■ Your task
Your task is to copy the stretch of lines in the records below that begins with the line containing "Proof. by case: br_lie => brl" and ends with the line containing "Lemma killingC X", exactly as written, with nothing added.
+++ Data for this task +++
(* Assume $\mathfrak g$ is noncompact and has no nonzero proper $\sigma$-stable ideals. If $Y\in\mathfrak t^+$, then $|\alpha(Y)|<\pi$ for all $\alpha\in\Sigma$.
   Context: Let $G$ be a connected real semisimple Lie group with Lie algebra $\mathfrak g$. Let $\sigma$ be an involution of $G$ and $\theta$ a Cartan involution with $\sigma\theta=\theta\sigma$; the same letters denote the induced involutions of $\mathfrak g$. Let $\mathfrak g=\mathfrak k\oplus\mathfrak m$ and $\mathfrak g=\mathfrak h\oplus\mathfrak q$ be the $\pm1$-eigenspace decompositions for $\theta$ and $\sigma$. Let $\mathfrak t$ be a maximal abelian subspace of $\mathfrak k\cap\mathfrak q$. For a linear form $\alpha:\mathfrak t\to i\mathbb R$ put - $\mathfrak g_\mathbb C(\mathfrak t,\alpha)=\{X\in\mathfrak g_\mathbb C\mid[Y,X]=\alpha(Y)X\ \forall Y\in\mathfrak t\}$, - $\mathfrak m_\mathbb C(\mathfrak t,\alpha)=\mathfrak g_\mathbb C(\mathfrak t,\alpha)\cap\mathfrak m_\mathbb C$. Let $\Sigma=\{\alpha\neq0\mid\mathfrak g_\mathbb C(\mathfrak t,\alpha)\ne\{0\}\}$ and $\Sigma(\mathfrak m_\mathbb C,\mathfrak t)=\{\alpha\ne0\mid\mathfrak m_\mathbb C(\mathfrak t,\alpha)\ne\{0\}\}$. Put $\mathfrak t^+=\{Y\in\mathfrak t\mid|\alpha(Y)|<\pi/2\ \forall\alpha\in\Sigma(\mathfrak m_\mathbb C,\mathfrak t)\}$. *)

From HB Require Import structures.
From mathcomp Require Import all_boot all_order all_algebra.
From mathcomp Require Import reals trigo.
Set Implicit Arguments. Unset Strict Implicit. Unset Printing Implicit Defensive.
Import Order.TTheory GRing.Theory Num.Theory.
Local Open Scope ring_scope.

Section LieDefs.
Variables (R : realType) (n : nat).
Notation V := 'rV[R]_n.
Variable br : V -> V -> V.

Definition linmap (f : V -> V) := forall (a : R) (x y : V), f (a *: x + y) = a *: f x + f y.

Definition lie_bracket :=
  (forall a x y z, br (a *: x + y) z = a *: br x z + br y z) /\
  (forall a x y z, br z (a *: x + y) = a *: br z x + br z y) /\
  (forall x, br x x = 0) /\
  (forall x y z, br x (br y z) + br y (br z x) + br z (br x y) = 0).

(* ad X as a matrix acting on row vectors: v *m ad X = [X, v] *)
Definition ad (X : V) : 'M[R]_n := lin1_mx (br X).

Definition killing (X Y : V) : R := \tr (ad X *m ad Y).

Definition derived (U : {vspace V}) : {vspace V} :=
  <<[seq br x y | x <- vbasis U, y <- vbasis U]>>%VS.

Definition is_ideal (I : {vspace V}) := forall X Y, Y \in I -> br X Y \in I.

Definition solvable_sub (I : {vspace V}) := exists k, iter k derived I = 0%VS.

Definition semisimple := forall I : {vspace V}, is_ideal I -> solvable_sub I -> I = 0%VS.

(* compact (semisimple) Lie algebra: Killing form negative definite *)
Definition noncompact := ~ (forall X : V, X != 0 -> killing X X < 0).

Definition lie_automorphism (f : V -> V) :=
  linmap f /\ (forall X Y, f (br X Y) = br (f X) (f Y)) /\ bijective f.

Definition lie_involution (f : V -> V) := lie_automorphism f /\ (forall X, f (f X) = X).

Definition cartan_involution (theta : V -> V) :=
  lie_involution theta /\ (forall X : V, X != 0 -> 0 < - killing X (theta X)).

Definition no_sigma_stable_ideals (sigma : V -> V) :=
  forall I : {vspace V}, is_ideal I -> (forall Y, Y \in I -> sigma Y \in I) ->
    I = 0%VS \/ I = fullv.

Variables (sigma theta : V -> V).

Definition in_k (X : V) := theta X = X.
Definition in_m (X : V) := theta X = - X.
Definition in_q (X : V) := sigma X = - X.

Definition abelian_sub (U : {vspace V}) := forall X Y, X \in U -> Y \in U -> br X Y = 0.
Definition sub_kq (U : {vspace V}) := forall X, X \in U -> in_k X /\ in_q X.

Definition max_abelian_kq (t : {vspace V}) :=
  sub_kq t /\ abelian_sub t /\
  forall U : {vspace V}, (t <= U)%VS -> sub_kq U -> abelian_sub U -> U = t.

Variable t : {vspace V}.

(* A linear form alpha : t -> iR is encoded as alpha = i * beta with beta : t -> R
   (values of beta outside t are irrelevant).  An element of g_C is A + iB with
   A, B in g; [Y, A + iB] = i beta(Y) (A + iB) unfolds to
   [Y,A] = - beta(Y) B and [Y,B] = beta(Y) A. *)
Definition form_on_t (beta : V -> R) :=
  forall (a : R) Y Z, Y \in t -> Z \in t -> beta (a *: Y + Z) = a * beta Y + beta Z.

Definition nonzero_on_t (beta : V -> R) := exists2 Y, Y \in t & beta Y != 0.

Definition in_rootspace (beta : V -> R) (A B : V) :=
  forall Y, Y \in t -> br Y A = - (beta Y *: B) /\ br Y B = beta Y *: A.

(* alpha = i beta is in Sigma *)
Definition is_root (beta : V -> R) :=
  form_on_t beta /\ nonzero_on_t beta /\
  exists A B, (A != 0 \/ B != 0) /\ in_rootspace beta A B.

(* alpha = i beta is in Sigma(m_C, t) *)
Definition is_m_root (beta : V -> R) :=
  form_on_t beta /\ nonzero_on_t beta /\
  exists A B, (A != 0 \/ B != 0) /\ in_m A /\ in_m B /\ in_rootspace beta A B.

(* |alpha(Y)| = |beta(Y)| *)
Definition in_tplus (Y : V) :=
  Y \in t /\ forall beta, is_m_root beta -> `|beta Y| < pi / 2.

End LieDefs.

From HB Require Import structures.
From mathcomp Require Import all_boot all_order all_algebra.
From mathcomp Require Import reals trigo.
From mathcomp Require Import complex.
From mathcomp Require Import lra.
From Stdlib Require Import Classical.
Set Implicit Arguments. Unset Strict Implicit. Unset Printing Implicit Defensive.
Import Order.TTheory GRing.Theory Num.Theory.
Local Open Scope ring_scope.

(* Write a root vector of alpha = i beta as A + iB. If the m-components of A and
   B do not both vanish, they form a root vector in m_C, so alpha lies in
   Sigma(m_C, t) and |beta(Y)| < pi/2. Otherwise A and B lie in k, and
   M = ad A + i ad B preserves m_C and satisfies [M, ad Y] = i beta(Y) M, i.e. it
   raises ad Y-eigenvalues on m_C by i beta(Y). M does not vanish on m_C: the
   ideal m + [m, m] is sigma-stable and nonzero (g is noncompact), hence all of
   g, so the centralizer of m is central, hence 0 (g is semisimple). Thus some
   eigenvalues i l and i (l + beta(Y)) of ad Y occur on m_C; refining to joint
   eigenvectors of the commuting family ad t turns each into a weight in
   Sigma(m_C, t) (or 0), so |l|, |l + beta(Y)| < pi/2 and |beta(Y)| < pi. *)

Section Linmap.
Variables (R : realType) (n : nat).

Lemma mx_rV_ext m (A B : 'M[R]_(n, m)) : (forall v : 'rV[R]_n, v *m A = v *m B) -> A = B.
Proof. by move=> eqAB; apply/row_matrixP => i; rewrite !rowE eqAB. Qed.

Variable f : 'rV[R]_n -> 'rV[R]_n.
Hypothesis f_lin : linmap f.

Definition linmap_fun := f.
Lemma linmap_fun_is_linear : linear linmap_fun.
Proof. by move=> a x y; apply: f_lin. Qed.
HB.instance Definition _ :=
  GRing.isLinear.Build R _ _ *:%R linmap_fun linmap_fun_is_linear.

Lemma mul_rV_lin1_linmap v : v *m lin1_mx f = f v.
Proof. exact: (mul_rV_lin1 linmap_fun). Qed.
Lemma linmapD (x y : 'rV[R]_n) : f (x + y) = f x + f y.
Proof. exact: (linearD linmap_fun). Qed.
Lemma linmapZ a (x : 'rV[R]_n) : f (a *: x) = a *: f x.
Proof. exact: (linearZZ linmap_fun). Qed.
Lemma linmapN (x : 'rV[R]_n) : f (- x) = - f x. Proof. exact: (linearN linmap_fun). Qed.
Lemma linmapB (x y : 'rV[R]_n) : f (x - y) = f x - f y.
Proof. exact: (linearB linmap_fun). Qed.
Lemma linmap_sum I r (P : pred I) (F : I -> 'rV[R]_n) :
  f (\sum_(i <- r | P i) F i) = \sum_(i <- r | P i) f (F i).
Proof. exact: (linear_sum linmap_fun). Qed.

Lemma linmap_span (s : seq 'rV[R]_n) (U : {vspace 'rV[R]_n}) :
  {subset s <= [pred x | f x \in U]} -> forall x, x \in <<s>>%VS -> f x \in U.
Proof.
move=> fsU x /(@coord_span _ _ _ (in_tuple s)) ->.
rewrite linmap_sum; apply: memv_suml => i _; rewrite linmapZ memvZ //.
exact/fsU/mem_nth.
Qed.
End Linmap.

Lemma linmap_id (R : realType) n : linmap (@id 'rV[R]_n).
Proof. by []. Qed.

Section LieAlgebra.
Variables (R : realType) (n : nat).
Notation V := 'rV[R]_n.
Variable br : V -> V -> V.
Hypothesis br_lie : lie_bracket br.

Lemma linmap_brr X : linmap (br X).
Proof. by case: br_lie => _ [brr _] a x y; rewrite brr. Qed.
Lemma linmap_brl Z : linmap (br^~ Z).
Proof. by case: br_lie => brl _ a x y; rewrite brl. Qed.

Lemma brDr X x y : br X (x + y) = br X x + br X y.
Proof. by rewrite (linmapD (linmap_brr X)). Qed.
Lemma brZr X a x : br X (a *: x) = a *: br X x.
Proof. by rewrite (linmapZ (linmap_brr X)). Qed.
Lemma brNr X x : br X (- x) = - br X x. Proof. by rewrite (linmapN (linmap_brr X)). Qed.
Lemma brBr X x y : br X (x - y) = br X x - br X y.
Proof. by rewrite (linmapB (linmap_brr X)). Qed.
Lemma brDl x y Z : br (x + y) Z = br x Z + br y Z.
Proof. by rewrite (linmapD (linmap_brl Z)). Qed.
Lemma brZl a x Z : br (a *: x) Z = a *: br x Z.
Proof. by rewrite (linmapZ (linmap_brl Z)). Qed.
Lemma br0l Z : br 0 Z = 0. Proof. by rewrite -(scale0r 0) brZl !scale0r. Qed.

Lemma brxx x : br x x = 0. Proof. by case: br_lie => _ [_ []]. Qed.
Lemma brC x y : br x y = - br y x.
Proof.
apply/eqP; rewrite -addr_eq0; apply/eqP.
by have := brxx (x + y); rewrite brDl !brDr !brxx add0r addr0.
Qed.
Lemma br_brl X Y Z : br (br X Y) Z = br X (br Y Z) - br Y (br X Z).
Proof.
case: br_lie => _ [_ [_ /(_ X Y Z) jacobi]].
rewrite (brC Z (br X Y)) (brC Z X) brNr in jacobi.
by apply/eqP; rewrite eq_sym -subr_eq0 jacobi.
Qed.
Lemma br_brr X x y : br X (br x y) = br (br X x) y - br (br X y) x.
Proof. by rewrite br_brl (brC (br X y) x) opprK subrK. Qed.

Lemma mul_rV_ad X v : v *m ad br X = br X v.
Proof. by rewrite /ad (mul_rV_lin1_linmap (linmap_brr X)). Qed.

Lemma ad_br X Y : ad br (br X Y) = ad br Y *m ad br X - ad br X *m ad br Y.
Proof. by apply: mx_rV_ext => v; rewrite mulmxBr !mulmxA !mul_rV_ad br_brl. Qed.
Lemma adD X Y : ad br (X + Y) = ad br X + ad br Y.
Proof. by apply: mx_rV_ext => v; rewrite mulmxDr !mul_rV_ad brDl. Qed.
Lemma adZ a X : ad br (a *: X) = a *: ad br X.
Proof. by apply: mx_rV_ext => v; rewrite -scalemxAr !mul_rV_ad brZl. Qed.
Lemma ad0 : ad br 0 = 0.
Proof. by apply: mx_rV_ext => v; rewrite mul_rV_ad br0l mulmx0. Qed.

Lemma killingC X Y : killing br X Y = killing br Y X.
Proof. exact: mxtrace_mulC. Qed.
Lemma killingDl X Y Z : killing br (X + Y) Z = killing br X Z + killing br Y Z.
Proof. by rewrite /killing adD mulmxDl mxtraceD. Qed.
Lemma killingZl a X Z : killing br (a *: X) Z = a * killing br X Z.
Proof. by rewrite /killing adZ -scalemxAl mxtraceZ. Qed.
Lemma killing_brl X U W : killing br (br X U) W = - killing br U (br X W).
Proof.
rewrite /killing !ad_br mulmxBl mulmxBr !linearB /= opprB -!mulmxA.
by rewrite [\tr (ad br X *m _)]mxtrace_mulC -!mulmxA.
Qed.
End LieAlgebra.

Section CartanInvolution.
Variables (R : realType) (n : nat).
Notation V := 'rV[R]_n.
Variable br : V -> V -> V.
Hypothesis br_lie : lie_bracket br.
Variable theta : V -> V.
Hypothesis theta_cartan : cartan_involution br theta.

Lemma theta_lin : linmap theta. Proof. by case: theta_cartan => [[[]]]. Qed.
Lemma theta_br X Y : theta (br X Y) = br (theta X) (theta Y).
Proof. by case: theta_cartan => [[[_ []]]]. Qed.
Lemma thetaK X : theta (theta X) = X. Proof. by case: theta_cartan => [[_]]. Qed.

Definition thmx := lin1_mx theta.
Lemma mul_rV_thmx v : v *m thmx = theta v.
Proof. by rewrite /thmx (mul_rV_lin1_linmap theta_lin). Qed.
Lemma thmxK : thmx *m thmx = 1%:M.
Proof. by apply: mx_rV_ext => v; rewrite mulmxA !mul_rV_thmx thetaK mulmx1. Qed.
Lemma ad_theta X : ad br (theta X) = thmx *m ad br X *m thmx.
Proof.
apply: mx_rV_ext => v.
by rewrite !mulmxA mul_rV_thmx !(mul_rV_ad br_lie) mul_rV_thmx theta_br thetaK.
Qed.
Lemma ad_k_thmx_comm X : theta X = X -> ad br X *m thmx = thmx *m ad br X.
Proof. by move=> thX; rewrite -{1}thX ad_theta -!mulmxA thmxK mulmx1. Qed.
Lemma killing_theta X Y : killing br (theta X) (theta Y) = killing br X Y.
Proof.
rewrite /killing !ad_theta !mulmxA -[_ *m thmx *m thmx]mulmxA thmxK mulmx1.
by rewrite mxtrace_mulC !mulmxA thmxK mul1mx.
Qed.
+++
■ Expected answer
Proof. by case: br_lie => brl _ a x y; rewrite brl. Qed.

Lemma brDr X x y : br X (x + y) = br X x + br X y.
Proof. by rewrite (linmapD (linmap_brr X)). Qed.
Lemma brZr X a x : br X (a *: x) = a *: br X x.
Proof. by rewrite (linmapZ (linmap_brr X)). Qed.
Lemma brNr X x : br X (- x) = - br X x. Proof. by rewrite (linmapN (linmap_brr X)). Qed.
Lemma brBr X x y : br X (x - y) = br X x - br X y.
Proof. by rewrite (linmapB (linmap_brr X)). Qed.
Lemma brDl x y Z : br (x + y) Z = br x Z + br y Z.
Proof. by rewrite (linmapD (linmap_brl Z)). Qed.
Lemma brZl a x Z : br (a *: x) Z = a *: br x Z.
Proof. by rewrite (linmapZ (linmap_brl Z)). Qed.
Lemma br0l Z : br 0 Z = 0. Proof. by rewrite -(scale0r 0) brZl !scale0r. Qed.

Lemma brxx x : br x x = 0. Proof. by case: br_lie => _ [_ []]. Qed.
Lemma brC x y : br x y = - br y x.
Proof.
apply/eqP; rewrite -addr_eq0; apply/eqP.
by have := brxx (x + y); rewrite brDl !brDr !brxx add0r addr0.
Qed.
Lemma br_brl X Y Z : br (br X Y) Z = br X (br Y Z) - br Y (br X Z).
Proof.
case: br_lie => _ [_ [_ /(_ X Y Z) jacobi]].
rewrite (brC Z (br X Y)) (brC Z X) brNr in jacobi.
by apply/eqP; rewrite eq_sym -subr_eq0 jacobi.
Qed.
Lemma br_brr X x y : br X (br x y) = br (br X x) y - br (br X y) x.
Proof. by rewrite br_brl (brC (br X y) x) opprK subrK. Qed.

Lemma mul_rV_ad X v : v *m ad br X = br X v.
Proof. by rewrite /ad (mul_rV_lin1_linmap (linmap_brr X)). Qed.

Lemma ad_br X Y : ad br (br X Y) = ad br Y *m ad br X - ad br X *m ad br Y.
Proof. by apply: mx_rV_ext => v; rewrite mulmxBr !mulmxA !mul_rV_ad br_brl. Qed.
Lemma adD X Y : ad br (X + Y) = ad br X + ad br Y.
Proof. by apply: mx_rV_ext => v; rewrite mulmxDr !mul_rV_ad brDl. Qed.
Lemma adZ a X : ad br (a *: X) = a *: ad br X.
Proof. by apply: mx_rV_ext => v; rewrite -scalemxAr !mul_rV_ad brZl. Qed.
Lemma ad0 : ad br 0 = 0.
Proof. by apply: mx_rV_ext => v; rewrite mul_rV_ad br0l mulmx0. Qed.

Lemma killingC X Y : killing br X Y = killing br Y X.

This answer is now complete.